Estimating viral load time course

Each RT-PCR test in our dataset has a date, but no information regarding the suspected date of subject infection or onset of symptoms (if any). Although determining the day of peak viral load for a single person based on a series of dated RT-PCR results would not in general be feasible because of individual variation, data from a large enough set of people would enable the inference of a clear and consistent model of viral load change over time with very few assumptions.

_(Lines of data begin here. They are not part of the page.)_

(* Let $\alpha,\beta,p,n$ be positive integers with $p<\alpha\beta$ and $\beta\mid n$. Let $q=\lceil p/\beta\rceil$ and $r=p \bmod \beta\in\{1,\ldots,\beta\}$. Consider the code on cells $c_1,\ldots,c_n$, starting from the all-zero state, which on the $i$-th write ($i\ge1$) acts as follows: if $1\le i\bmod\alpha<q$, $n$ arbitrary information bits are written into all $n$ cells; if $i\bmod\alpha=q$, $rn/\beta$ arbitrary information bits are written into exactly the cells $c_j$ with $1\le j\bmod\beta\le r$, all other cells being left unchanged; if $i\bmod\alpha>q$, no information is written and no cell changes. Then this code is an $(\alpha,\beta,p)$-constrained code and its rate is $\frac{p}{\alpha\beta}$.
   Context: Convention: for positive integers $x,y$, $x \bmod y$ is taken in $\{1,\ldots,y\}$ (residue $0$ is represented by $y$). Memory cells are binary; there are $n$ cells and cell-state vectors lie in $\{0,1\}^n$. A code on $n$ cells consists, for each write $i\ge 1$, of a real $R_i\ge 0$, an encoder $\mathcal{E}_i:\{1,\ldots,\lfloor 2^{nR_i}\rfloor\}\times\{0,1\}^n\to\{0,1\}^n$ and a decoder $\mathcal{D}_i:\{0,1\}^n\to\{1,\ldots,\lfloor 2^{nR_i}\rfloor\}$ with $\mathcal{D}_i(\mathcal{E}_i(m,\mathbf{u}))=m$ (encoder and decoder may depend on $i$). Starting from $\mathbf{v}_0=\mathbf{0}$, messages $m_1,m_2,\ldots$ produce states $\mathbf{v}_i=\mathcal{E}_i(m_i,\mathbf{v}_{i-1})=(v_{i,1},\ldots,v_{i,n})$. The code is $(\alpha,\beta,p)$-constrained if for every message sequence, every $i\ge0$ and every $1\le j\le n-\beta+1$, $|\{(k,\ell): v_{i+k,j+\ell}\ne v_{i+k+1,j+\ell}, 0\le k<\alpha, 0\le\ell<\beta\}|\le p$. Its rate is $\lim_{m\to\infty}\frac1m\sum_{i=1}^m R_i$ (the number of information bits written per cell per write, averaged over writes). *)

From Stdlib Require Import Reals.
From mathcomp Require Import all_boot.

Set Implicit Arguments.
Unset Strict Implicit.
Unset Printing Implicit Defensive.

Definition modp (x y : nat) : nat := if x %% y == 0 then y else x %% y.

(* Cell-state vectors in {0,1}^n; cell c_j (1-indexed) is entry j-1. *)
Definition cstate (n : nat) := n.-tuple bool.
Definition cell (n : nat) (v : cstate n) (j0 : nat) : bool := nth false v j0.
Definition zero_state (n : nat) : cstate n := nseq_tuple n false.

Definition nmsg (n : nat) (Ri : R) : nat := Z.to_nat (Int_part (Rpower 2 (INR n * Ri))).

(* Messages are natural numbers; only m in {1..nmsg} are meaningful. *)
Record code (n : nat) := Code {
  rate_of : nat -> R;
  enc : nat -> nat -> cstate n -> cstate n;
  dec : nat -> cstate n -> nat;
  rate_nonneg : forall i, 1 <= i -> Rle R0 (rate_of i);
  dec_range : forall i v, 1 <= i -> 1 <= dec i v <= nmsg n (rate_of i);
  dec_correct : forall i m u, 1 <= i -> 1 <= m <= nmsg n (rate_of i) ->
                dec i (enc i m u) = m
}.

Definition valid_msgs n (C : code n) (ms : nat -> nat) : Prop :=
  forall i, 1 <= i -> 1 <= ms i <= nmsg n (rate_of C i).

Fixpoint states n (C : code n) (ms : nat -> nat) (i : nat) : cstate n :=
  match i with
  | 0 => zero_state n
  | i'.+1 => enc C i'.+1 (ms i'.+1) (states C ms i')
  end.

(* (alpha,beta,p)-constrained: for every message sequence, every i >= 0 and
   every window start j (1-indexed, 1 <= j <= n-beta+1; here j0 = j-1 with
   j0 + beta <= n), at most p of the alpha*beta (write, cell) pairs change. *)
Definition constrained n (C : code n) (alpha beta p : nat) : Prop :=
  forall ms, valid_msgs C ms ->
  forall i j0, j0 + beta <= n ->
    #|[pred kl : 'I_alpha * 'I_beta |
        cell (states C ms (i + kl.1)) (j0 + kl.2)
        != cell (states C ms (i + kl.1).+1) (j0 + kl.2)]| <= p.

Fixpoint rsum (f : nat -> R) (m : nat) : R :=
  match m with
  | 0 => R0
  | m'.+1 => Rplus (rsum f m') (f m'.+1)
  end.

Definition has_rate n (C : code n) (rho : R) : Prop :=
  Un_cv (fun m => Rdiv (rsum (rate_of C) m) (INR m)) rho.

Definition thm3_q (beta p : nat) : nat := (p + beta - 1) %/ beta.
Definition thm3_r (beta p : nat) : nat := modp p beta.

Definition is_thm3_code n (C : code n) (alpha beta p : nat) : Prop :=
  let q := thm3_q beta p in
  let r := thm3_r beta p in
  forall i, 1 <= i ->
    (modp i alpha < q -> rate_of C i = R1) /\
    (modp i alpha = q ->
       rate_of C i = Rdiv (INR r) (INR beta) /\
       forall m u j0, j0 < n -> r < modp j0.+1 beta ->
         cell (enc C i m u) j0 = cell u j0) /\
    (q < modp i alpha -> rate_of C i = R0 /\ forall m u, enc C i m u = u).

From Stdlib Require Import Reals Lra.
From mathcomp Require Import all_boot zify.

(* A changed (write, cell) pair in an alpha x beta window is determined by the
   residues of its write index mod alpha and of its cell index mod beta, and
   only the pairs with write residue < q, or = q and cell residue <= r, can
   change; there are (q - 1) beta + r = p of them. Hence the constraint.
   The rate of the i-th write depends only on i mod alpha, so the running
   average of the rates converges to the average over one period,
   ((q - 1) + r / beta) / alpha = p / (alpha beta). *)

Lemma card_le_inj_bound (T : finType) (P : pred T) (g : T -> nat) c :
  {in P &, injective g} -> (forall x, P x -> g x < c) -> #|P| <= c.
Proof.
move=> g_inj g_lt.
rewrite cardE -(size_map g) -(size_iota 0 c).
apply: uniq_leq_size.
  rewrite map_inj_in_uniq ?enum_uniq //.
  by move=> x y; rewrite !mem_enum; apply: g_inj.
move=> z /mapP [x]; rewrite mem_enum => Px ->.
by rewrite mem_iota add0n g_lt.
Qed.

Lemma modnDl_inj a x y d : x < d -> y < d -> (a + x) %% d = (a + y) %% d -> x = y.
Proof. by move=> ltxd ltyd /eqP; rewrite eqn_modDl !modn_small // => /eqP. Qed.

Lemma modpS x y : 0 < y -> modp x.+1 y = (x %% y).+1.
Proof.
move=> y_gt0; rewrite /modp; have -> : x.+1 %% y = (x %% y).+1 %% y.
  by rewrite {1}(divn_eq x y) -addnS modnMDl.
have := ltn_pmod x y_gt0; rewrite leq_eqVlt => /orP[/eqP ->|lt_xy].
  by rewrite modnn.
by rewrite modn_small.
Qed.

Lemma modp_small x y : 0 < x <= y -> modp x y = x.
Proof.
case/andP=> x_gt0; rewrite leq_eqVlt => /orP[/eqP ->|lt_xy].
  by rewrite /modp modnn eqxx.
by rewrite /modp modn_small // gtn_eqF.
Qed.

Lemma modpDr x y : modp (x + y) y = modp x y.
Proof. by rewrite /modp modnDr. Qed.

Lemma thm3_qr_spec beta p : 0 < beta -> 0 < p ->
  [/\ 0 < thm3_q beta p, thm3_r beta p <= beta &
      p = (thm3_q beta p).-1 * beta + thm3_r beta p].
Proof.
rewrite /thm3_q /thm3_r /modp => beta_gt0 p_gt0.
have p_eq := divn_eq p beta; have := ltn_pmod p beta_gt0.
move: p_eq; set a := p %/ beta; set b := p %% beta => p_eq lt_b.
case: eqP => [b0|b_neq0].
  have -> : p + beta - 1 = a * beta + beta.-1 by lia.
  rewrite divnMDl // divn_small ?addn0; last by lia.
  by case: a p_eq => [|a'] p_eq /=; [lia|split; lia].
have -> : p + beta - 1 = a.+1 * beta + b.-1 by rewrite mulSn; lia.
by rewrite divnMDl // divn_small ?addn0 /=; [split; lia|lia].
Qed.

Section Thm3Constraint.

Variables (alpha beta p n : nat) (C : code n).
Hypotheses (alpha_gt0 : 0 < alpha) (beta_gt0 : 0 < beta) (p_gt0 : 0 < p).
Hypothesis thm3C : is_thm3_code C alpha beta p.

Local Notation q := (thm3_q beta p).
Local Notation r := (thm3_r beta p).

Lemma thm3_cell_change i j0 m u : 0 < i -> j0 < n ->
  cell u j0 != cell (enc C i m u) j0 ->
  modp i alpha < q \/ modp i alpha = q /\ modp j0.+1 beta <= r.
Proof.
move=> i_gt0 lt_j0n; have [_ [write_q write_gt]] := thm3C i i_gt0.
case: (ltngtP (modp i alpha) q) => [|gt_iq|eq_iq] changed; first by left.
  by have [_ enc_id] := write_gt gt_iq; rewrite enc_id eqxx in changed.
right; split=> //; rewrite leqNgt; apply/negP => gt_jr.
have [_ keep] := write_q eq_iq.
by rewrite keep ?eqxx in changed.
Qed.

Lemma thm3_slot_lt x y : y < beta ->
  x.+1 < q \/ x.+1 = q /\ y.+1 <= r -> x * beta + y < p.
Proof.
have [_ _ p_eq] := @thm3_qr_spec beta p beta_gt0 p_gt0.
by move=> lt_yb [lt_xq|[eq_xq le_yr]]; rewrite p_eq; [|rewrite -eq_xq]; nia.
Qed.

Lemma thm3_constrained : constrained C alpha beta p.
Proof.
move=> ms _ i j0 window.
pose slot (kl : 'I_alpha * 'I_beta) :=
  (i + kl.1) %% alpha * beta + (j0 + kl.2) %% beta.
apply: (@card_le_inj_bound _ _ slot).
  move=> [k l] [k' l'] _ _; rewrite /slot /= => eq_slot.
  have eq_l : (j0 + l) %% beta = (j0 + l') %% beta.
    by move: (congr1 (modn^~ beta) eq_slot); rewrite !modnMDl !modn_mod.
  move: eq_slot; rewrite eq_l => /addIn /eqP; rewrite eqn_pmul2r // => /eqP eq_k.
  by congr (_, _); apply: val_inj; [apply: modnDl_inj eq_k|apply: modnDl_inj eq_l].
move=> [k l] /= changed; apply: thm3_slot_lt; first exact: ltn_pmod.
rewrite -!modpS //; apply: thm3_cell_change changed => //.
by have := ltn_ord l; lia.
Qed.

End Thm3Constraint.

Open Scope R_scope.

Lemma eq_rsum (f g : nat -> R) m :
  (forall i, (0 < i <= m)%N -> f i = g i) -> rsum f m = rsum g m.
Proof.
elim: m => //= m IHm eq_fg.
rewrite IHm ?eq_fg ?leqnn // => i /andP[i_gt0 le_im].
by apply: eq_fg; rewrite i_gt0 ltnW.
Qed.

Lemma rsum_bounds (f : nat -> R) m :
  (forall i, 0 <= f i <= 1) -> 0 <= rsum f m <= INR m.
Proof.
move=> f01; elim: m => [|m IHm]; first by rewrite /=; lra.
by rewrite [rsum _ _]/= S_INR; have := f01 m.+1; lra.
Qed.

Lemma Rdiv_in_01 x y : 0 < y -> 0 <= x <= y -> 0 <= x / y <= 1.
Proof.
move=> y_pos [x_ge0 le_xy]; have invy_pos := Rinv_0_lt_compat y y_pos.
split; first by apply: Rmult_le_pos; lra.
by apply: (Rmult_le_reg_r y) => //; rewrite /Rdiv Rmult_assoc Rinv_l; lra.
Qed.

Section PeriodicMean.

Variables (f : nat -> R) (a : nat).
Hypotheses (a_gt0 : (0 < a)%N) (f_periodic : forall i, f (i + a)%N = f i).
Hypothesis f01 : forall i, 0 <= f i <= 1.

Lemma rsumD_period m : rsum f (m + a) = rsum f m + rsum f a.
Proof.
elim: m => [|m IHm] /=; first by rewrite add0n; lra.
by rewrite -addSn f_periodic IHm; lra.
Qed.

Lemma rsum_mean_dev m : Rabs (rsum f m - INR m * (rsum f a / INR a)) <= INR a.
Proof.
have a_pos : 0 < INR a by apply: lt_0_INR; apply/ltP.
set L := rsum f a / INR a.
have aL : INR a * L = rsum f a by rewrite /L; field; lra.
have L01 : 0 <= L <= 1.
  by apply: Rdiv_in_01 => //; exact: rsum_bounds.
(* The deviation is a-periodic in m, so it suffices to bound it on [0, a). *)
rewrite (divn_eq m a); elim: (m %/ a)%N => [|t IHt].
  rewrite mul0n add0n; have lt_ma : (m %% a < a)%N by exact: ltn_pmod.
  have := rsum_bounds f (m %% a) f01.
  have : INR (m %% a) <= INR a by apply: le_INR; apply/leP; lia.
  move=> le_ma bounds; apply: Rabs_le; nra.
have -> : (t.+1 * a + m %% a)%N = (t * a + m %% a + a)%N by rewrite mulSn; lia.
rewrite rsumD_period plus_INR Rmult_plus_distr_r aL.
by have -> : forall x y z : R, x + z - (y + z) = x - y by move=> *; ring.
Qed.

Lemma mean_periodic_cvg : Un_cv (fun m => rsum f m / INR m) (rsum f a / INR a).
Proof.
have a_pos : 0 < INR a by apply: lt_0_INR; apply/ltP.
move=> eps eps_gt0.
have [N [invN_lt N_gt0]] := archimed_cor1 (eps / INR a) (Rdiv_lt_0_compat _ _ eps_gt0 a_pos).
exists N => m le_Nm; rewrite /R_dist.
have N_pos : 0 < INR N by apply: lt_0_INR.
have le_Nm' : INR N <= INR m by apply: le_INR.
have -> : rsum f m / INR m - rsum f a / INR a
          = (rsum f m - INR m * (rsum f a / INR a)) / INR m by field; lra.
rewrite /Rdiv Rabs_mult Rabs_inv (Rabs_pos_eq (INR m)); last lra.
apply: (Rle_lt_trans _ (INR a / INR N)).
  apply: (Rle_trans _ (INR a / INR m)).
    by apply: Rmult_le_compat_r; [left; apply: Rinv_0_lt_compat; lra|exact: rsum_mean_dev].
  by apply: Rmult_le_compat_l; [lra|apply: Rinv_le_contravar].
apply: (Rlt_le_trans _ (INR a * (eps / INR a))); first exact: Rmult_lt_compat_l.
by right; field; lra.
Qed.

End PeriodicMean.

Definition step_rate (q : nat) (c : R) (a : nat) : R :=
  if (a < q)%N then 1 else if a == q then c else 0.

Lemma rsum_step_rate_small q c m : (m < q)%N -> rsum (step_rate q c) m = INR m.
Proof.
elim: m => [|m IHm] lt_mq //.
by rewrite [rsum _ _]/= IHm ?S_INR /step_rate ?lt_mq // ltnW.
Qed.

Lemma rsum_step_rate q c m : (0 < q <= m)%N -> rsum (step_rate q c) m = INR q.-1 + c.
Proof.
elim: m => [|m IHm] /andP[q_gt0]; first by rewrite leqn0 => /eqP q0; rewrite q0 in q_gt0.
rewrite leq_eqVlt => /orP[/eqP eq_qm|le_qm] /=.
  by rewrite -eq_qm /= rsum_step_rate_small ?eq_qm // /step_rate ltnn eqxx.
rewrite IHm ?q_gt0 // /step_rate ltnNge (ltnW le_qm) /= gtn_eqF //; lra.
Qed.

Definition thm3_rate (alpha beta p i : nat) : R :=
  step_rate (thm3_q beta p) (INR (thm3_r beta p) / INR beta) (modp i alpha).

Lemma thm3_rate_periodic alpha beta p i :
  thm3_rate alpha beta p (i + alpha) = thm3_rate alpha beta p i.
Proof. by rewrite /thm3_rate modpDr. Qed.

Lemma thm3_rate_bounds alpha beta p i : (0 < beta)%N -> (0 < p)%N ->
  0 <= thm3_rate alpha beta p i <= 1.
Proof.
move=> beta_gt0 p_gt0; have [_ le_rb _] := @thm3_qr_spec beta p beta_gt0 p_gt0.
have beta_pos : 0 < INR beta by apply: lt_0_INR; apply/ltP.
have : INR (thm3_r beta p) <= INR beta by apply: le_INR; apply/leP.
have := pos_INR (thm3_r beta p).
rewrite /thm3_rate /step_rate; case: ifP => _; first lra.
by case: ifP => _ r_ge0 r_le; [apply: Rdiv_in_01|]; lra.
Qed.

Lemma rsum_thm3_rate_period alpha beta p :
  (0 < beta)%N -> (0 < p)%N -> (p < alpha * beta)%N ->
  rsum (thm3_rate alpha beta p) alpha = INR p / INR beta.
Proof.
move=> beta_gt0 p_gt0 lt_p_ab; have [q_gt0 _ p_eq] := @thm3_qr_spec beta p beta_gt0 p_gt0.
have beta_pos : 0 < INR beta by apply: lt_0_INR; apply/ltP.
rewrite (@eq_rsum _ (step_rate (thm3_q beta p) (INR (thm3_r beta p) / INR beta))).
  rewrite rsum_step_rate ?q_gt0 /=; last by move: lt_p_ab; rewrite {1}p_eq; nia.
  by rewrite {3}p_eq plus_INR mult_INR; field; lra.
move=> i le_i; rewrite /thm3_rate modp_small //.
Qed.


Section Thm3Rate.

Variables (alpha beta p n : nat) (C : code n).
Hypotheses (alpha_gt0 : (0 < alpha)%N) (beta_gt0 : (0 < beta)%N) (p_gt0 : (0 < p)%N).
Hypothesis lt_p_ab : (p < alpha * beta)%N.
Hypothesis thm3C : is_thm3_code C alpha beta p.

Lemma thm3_rate_ofE i : (0 < i)%N -> rate_of C i = thm3_rate alpha beta p i.
Proof.
move=> i_gt0; have [write_lt [write_q write_gt]] := thm3C i i_gt0.
rewrite /thm3_rate /step_rate.
case: (ltngtP (modp i alpha) (thm3_q beta p)) => [lt_iq|gt_iq|eq_iq].
- exact: write_lt.
- by have [-> _] := write_gt gt_iq.
- by have [-> _] := write_q eq_iq.
Qed.

Lemma thm3_has_rate : has_rate C (INR p / (INR alpha * INR beta)).
Proof.
have alpha_pos : 0 < INR alpha by apply: lt_0_INR; apply/ltP.
have beta_pos : 0 < INR beta by apply: lt_0_INR; apply/ltP.
have -> : INR p / (INR alpha * INR beta)
          = rsum (thm3_rate alpha beta p) alpha / INR alpha.
  by rewrite rsum_thm3_rate_period //; field; lra.
apply: (Un_cv_ext (fun m => rsum (thm3_rate alpha beta p) m / INR m)).
  move=> m; congr (_ / _); apply: eq_rsum => i /andP[i_gt0 _].
  by rewrite thm3_rate_ofE.
by apply: mean_periodic_cvg => // i; [exact: thm3_rate_periodic|exact: thm3_rate_bounds].
Qed.

End Thm3Rate.

Close Scope R_scope.

Theorem theorem3 (alpha beta p n : nat) (C : code n) :
  0 < alpha -> 0 < beta -> 0 < p -> 0 < n ->
  p < alpha * beta -> beta %| n ->
  is_thm3_code C alpha beta p ->
  constrained C alpha beta p /\
  has_rate C (Rdiv (INR p) (Rmult (INR alpha) (INR beta))).
Proof.
move=> alpha_gt0 beta_gt0 p_gt0 _ lt_p_ab _ thm3C; split.
  exact: thm3_constrained.
exact: thm3_has_rate.
Qed.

We included a single leading and/or trailing negative RT-PCR result, if dated within 7 days of the closest positive RT-PCR. To produce a model of typical viral load decline on a reasonable single-infection time scale, we excluded subjects whose full time series contains positive RT-PCRs spread over a period exceeding 30 days. Such time series may be attributable to contamination, to later swabbing that picks up residual RNA fragments in tonsillar tissue (66), or to re-infection (67–69), or they may represent atypical infection courses (such as in immunocompromised or severely ill elderly patients) (70). We excluded data from subjects with an infection delimited by both an initial and a trailing negative test when there was only a single positive RT-PCR result between them.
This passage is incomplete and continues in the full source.